**GIVEN ENTRIES**:
########################################
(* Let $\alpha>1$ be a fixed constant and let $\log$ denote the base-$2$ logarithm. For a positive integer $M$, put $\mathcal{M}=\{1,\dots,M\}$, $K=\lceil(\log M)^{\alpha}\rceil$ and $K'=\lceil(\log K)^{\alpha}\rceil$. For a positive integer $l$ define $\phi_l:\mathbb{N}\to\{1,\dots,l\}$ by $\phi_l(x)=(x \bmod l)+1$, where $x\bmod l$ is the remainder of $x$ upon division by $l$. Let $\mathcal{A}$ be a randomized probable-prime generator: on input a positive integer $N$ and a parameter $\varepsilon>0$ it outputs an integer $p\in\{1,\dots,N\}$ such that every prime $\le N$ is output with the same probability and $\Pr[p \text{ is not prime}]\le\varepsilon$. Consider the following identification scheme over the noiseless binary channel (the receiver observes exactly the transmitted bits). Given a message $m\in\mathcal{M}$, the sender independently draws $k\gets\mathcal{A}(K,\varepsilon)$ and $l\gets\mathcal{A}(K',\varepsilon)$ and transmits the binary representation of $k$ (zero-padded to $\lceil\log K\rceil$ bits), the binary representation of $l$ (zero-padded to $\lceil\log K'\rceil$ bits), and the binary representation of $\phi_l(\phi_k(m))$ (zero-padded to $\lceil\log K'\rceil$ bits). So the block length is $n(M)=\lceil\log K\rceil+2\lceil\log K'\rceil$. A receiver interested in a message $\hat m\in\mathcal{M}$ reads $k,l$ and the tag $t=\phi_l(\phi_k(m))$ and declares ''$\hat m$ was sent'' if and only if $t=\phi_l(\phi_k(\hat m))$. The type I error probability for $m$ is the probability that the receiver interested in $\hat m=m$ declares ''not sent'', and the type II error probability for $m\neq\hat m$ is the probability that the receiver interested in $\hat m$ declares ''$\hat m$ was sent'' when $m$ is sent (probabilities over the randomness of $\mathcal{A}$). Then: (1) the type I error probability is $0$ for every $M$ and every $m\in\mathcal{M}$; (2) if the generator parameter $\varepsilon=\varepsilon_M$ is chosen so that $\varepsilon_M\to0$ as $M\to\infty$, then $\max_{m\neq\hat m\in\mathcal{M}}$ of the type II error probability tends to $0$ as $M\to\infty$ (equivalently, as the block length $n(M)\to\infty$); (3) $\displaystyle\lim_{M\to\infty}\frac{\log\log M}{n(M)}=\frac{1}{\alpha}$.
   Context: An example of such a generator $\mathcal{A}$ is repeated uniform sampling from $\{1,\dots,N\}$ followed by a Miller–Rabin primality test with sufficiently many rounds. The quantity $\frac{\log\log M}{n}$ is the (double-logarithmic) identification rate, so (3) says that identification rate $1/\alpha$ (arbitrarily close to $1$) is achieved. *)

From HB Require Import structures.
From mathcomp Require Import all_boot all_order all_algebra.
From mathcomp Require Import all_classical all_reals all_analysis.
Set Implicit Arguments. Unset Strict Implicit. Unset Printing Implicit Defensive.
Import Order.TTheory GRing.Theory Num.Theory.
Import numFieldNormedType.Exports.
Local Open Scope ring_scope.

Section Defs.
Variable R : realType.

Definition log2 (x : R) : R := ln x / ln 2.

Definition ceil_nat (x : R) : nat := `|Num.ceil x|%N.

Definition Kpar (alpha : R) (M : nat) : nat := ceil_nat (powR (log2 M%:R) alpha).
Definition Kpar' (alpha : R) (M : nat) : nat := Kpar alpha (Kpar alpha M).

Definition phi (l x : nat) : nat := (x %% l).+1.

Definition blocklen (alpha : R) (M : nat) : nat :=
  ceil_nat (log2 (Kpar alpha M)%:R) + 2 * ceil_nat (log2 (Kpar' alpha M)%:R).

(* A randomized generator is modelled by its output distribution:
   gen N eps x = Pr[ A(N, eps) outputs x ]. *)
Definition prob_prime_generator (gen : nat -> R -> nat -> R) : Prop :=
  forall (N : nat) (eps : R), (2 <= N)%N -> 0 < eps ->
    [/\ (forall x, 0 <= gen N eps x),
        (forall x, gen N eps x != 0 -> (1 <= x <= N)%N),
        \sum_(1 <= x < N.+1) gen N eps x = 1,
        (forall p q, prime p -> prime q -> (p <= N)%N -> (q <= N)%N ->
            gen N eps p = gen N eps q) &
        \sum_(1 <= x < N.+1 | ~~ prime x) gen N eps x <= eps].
########################################
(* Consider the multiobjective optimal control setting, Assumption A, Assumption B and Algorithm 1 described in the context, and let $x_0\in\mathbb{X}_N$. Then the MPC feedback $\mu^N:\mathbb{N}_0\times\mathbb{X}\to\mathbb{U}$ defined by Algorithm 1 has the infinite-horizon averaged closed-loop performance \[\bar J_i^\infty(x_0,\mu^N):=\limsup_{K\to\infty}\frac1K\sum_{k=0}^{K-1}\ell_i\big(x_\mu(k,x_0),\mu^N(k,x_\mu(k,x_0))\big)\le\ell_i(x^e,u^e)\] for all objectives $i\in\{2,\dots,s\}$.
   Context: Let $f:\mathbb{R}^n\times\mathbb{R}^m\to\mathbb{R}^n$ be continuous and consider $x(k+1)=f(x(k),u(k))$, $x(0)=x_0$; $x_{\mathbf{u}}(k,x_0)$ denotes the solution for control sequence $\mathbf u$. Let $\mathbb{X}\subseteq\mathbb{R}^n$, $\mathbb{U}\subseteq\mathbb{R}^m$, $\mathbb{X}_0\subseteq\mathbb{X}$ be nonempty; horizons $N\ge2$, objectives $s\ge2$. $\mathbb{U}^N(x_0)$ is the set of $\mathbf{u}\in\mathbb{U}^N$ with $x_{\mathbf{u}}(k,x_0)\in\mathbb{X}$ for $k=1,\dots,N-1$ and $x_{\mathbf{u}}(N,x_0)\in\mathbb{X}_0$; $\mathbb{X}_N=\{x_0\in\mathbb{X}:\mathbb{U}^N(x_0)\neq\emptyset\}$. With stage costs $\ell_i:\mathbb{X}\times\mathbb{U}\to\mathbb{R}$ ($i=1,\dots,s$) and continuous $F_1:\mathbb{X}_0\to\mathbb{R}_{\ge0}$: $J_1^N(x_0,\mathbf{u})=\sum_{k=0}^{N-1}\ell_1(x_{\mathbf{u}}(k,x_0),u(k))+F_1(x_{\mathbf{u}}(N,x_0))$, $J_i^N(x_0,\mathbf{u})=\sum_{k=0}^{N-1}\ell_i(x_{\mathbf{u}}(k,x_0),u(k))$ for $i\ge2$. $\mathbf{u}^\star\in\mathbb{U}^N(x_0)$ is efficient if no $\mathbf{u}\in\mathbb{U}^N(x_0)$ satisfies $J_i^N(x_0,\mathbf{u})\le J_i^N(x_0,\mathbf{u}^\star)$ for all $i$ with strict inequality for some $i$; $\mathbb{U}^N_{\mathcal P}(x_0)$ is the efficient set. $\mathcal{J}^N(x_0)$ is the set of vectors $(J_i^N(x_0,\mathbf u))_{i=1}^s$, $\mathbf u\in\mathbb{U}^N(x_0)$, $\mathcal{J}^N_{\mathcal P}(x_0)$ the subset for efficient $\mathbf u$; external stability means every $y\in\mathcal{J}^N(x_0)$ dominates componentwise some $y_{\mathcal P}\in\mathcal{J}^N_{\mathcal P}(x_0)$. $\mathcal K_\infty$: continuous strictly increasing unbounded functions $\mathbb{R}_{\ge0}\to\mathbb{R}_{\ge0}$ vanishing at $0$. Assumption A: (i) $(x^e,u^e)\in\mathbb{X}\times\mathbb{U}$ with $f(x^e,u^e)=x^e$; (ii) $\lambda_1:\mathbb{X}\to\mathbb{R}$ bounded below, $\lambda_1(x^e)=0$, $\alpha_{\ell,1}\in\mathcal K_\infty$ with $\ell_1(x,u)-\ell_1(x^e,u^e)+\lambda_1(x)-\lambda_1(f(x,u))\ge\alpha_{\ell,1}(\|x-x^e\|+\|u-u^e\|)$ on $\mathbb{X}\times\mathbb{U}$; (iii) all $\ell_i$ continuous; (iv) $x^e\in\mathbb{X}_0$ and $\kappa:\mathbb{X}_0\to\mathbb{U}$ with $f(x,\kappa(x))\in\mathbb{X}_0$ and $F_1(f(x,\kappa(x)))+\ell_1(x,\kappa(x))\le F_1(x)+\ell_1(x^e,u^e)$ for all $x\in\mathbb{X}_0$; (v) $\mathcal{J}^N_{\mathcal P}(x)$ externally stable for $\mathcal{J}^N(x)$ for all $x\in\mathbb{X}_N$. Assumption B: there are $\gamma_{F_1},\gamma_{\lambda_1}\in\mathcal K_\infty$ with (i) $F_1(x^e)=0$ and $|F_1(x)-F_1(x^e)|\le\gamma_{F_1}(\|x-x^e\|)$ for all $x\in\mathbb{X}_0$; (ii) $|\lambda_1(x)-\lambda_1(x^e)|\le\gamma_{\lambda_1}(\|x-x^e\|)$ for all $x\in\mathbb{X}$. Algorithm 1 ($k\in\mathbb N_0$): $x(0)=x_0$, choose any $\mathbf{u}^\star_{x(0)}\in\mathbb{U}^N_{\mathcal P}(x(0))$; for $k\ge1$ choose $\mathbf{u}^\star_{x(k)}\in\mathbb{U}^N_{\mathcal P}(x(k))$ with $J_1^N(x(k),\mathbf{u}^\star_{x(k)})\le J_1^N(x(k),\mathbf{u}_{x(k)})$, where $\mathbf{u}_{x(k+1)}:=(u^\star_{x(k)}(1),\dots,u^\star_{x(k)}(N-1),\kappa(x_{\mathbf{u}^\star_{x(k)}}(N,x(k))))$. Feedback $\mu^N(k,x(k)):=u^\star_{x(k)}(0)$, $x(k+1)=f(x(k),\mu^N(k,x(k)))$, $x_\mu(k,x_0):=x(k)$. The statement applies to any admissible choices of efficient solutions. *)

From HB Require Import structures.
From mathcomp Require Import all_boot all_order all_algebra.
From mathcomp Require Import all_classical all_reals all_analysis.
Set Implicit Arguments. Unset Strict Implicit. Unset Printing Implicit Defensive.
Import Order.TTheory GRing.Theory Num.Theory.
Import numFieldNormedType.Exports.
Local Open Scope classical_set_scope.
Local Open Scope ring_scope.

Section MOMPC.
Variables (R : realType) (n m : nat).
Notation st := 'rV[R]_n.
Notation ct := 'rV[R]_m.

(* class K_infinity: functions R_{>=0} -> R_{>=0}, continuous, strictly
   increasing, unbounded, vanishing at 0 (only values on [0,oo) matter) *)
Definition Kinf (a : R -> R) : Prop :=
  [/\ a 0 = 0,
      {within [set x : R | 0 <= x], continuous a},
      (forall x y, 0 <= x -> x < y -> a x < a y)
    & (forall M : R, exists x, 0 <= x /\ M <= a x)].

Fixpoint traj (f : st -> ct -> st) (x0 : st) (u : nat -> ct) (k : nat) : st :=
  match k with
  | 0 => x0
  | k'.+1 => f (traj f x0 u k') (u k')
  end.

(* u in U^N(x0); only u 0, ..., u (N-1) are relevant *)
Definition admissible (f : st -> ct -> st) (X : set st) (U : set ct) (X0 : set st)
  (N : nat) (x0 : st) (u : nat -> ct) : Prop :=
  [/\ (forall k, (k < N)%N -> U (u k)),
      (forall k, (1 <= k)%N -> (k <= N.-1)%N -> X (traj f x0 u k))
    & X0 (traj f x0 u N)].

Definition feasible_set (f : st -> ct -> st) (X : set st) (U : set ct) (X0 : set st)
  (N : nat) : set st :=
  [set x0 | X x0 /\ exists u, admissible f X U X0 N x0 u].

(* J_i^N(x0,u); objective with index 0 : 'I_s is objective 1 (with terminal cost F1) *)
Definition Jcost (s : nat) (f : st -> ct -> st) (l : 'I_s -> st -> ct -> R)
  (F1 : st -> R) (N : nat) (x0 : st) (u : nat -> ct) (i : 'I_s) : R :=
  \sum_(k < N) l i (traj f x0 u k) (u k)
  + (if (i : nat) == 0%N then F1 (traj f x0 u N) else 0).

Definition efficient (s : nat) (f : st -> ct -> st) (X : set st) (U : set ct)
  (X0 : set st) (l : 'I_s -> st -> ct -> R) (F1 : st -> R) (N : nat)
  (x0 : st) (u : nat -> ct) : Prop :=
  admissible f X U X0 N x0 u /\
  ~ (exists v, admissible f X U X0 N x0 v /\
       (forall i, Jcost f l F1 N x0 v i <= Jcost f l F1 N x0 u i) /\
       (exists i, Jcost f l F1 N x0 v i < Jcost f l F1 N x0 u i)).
########################################
**TASK**:
Output, from the data above, the lines from the line with "Definition Jcost (s" to the line with "(exists i, Jcost" exactly as they stand, both ends included and nothing else.

**SOLVED EXERCISE**:
Definition Jcost (s : nat) (f : st -> ct -> st) (l : 'I_s -> st -> ct -> R)
  (F1 : st -> R) (N : nat) (x0 : st) (u : nat -> ct) (i : 'I_s) : R :=
  \sum_(k < N) l i (traj f x0 u k) (u k)
  + (if (i : nat) == 0%N then F1 (traj f x0 u N) else 0).

Definition efficient (s : nat) (f : st -> ct -> st) (X : set st) (U : set ct)
  (X0 : set st) (l : 'I_s -> st -> ct -> R) (F1 : st -> R) (N : nat)
  (x0 : st) (u : nat -> ct) : Prop :=
  admissible f X U X0 N x0 u /\
  ~ (exists v, admissible f X U X0 N x0 v /\
       (forall i, Jcost f l F1 N x0 v i <= Jcost f l F1 N x0 u i) /\
       (exists i, Jcost f l F1 N x0 v i < Jcost f l F1 N x0 u i)).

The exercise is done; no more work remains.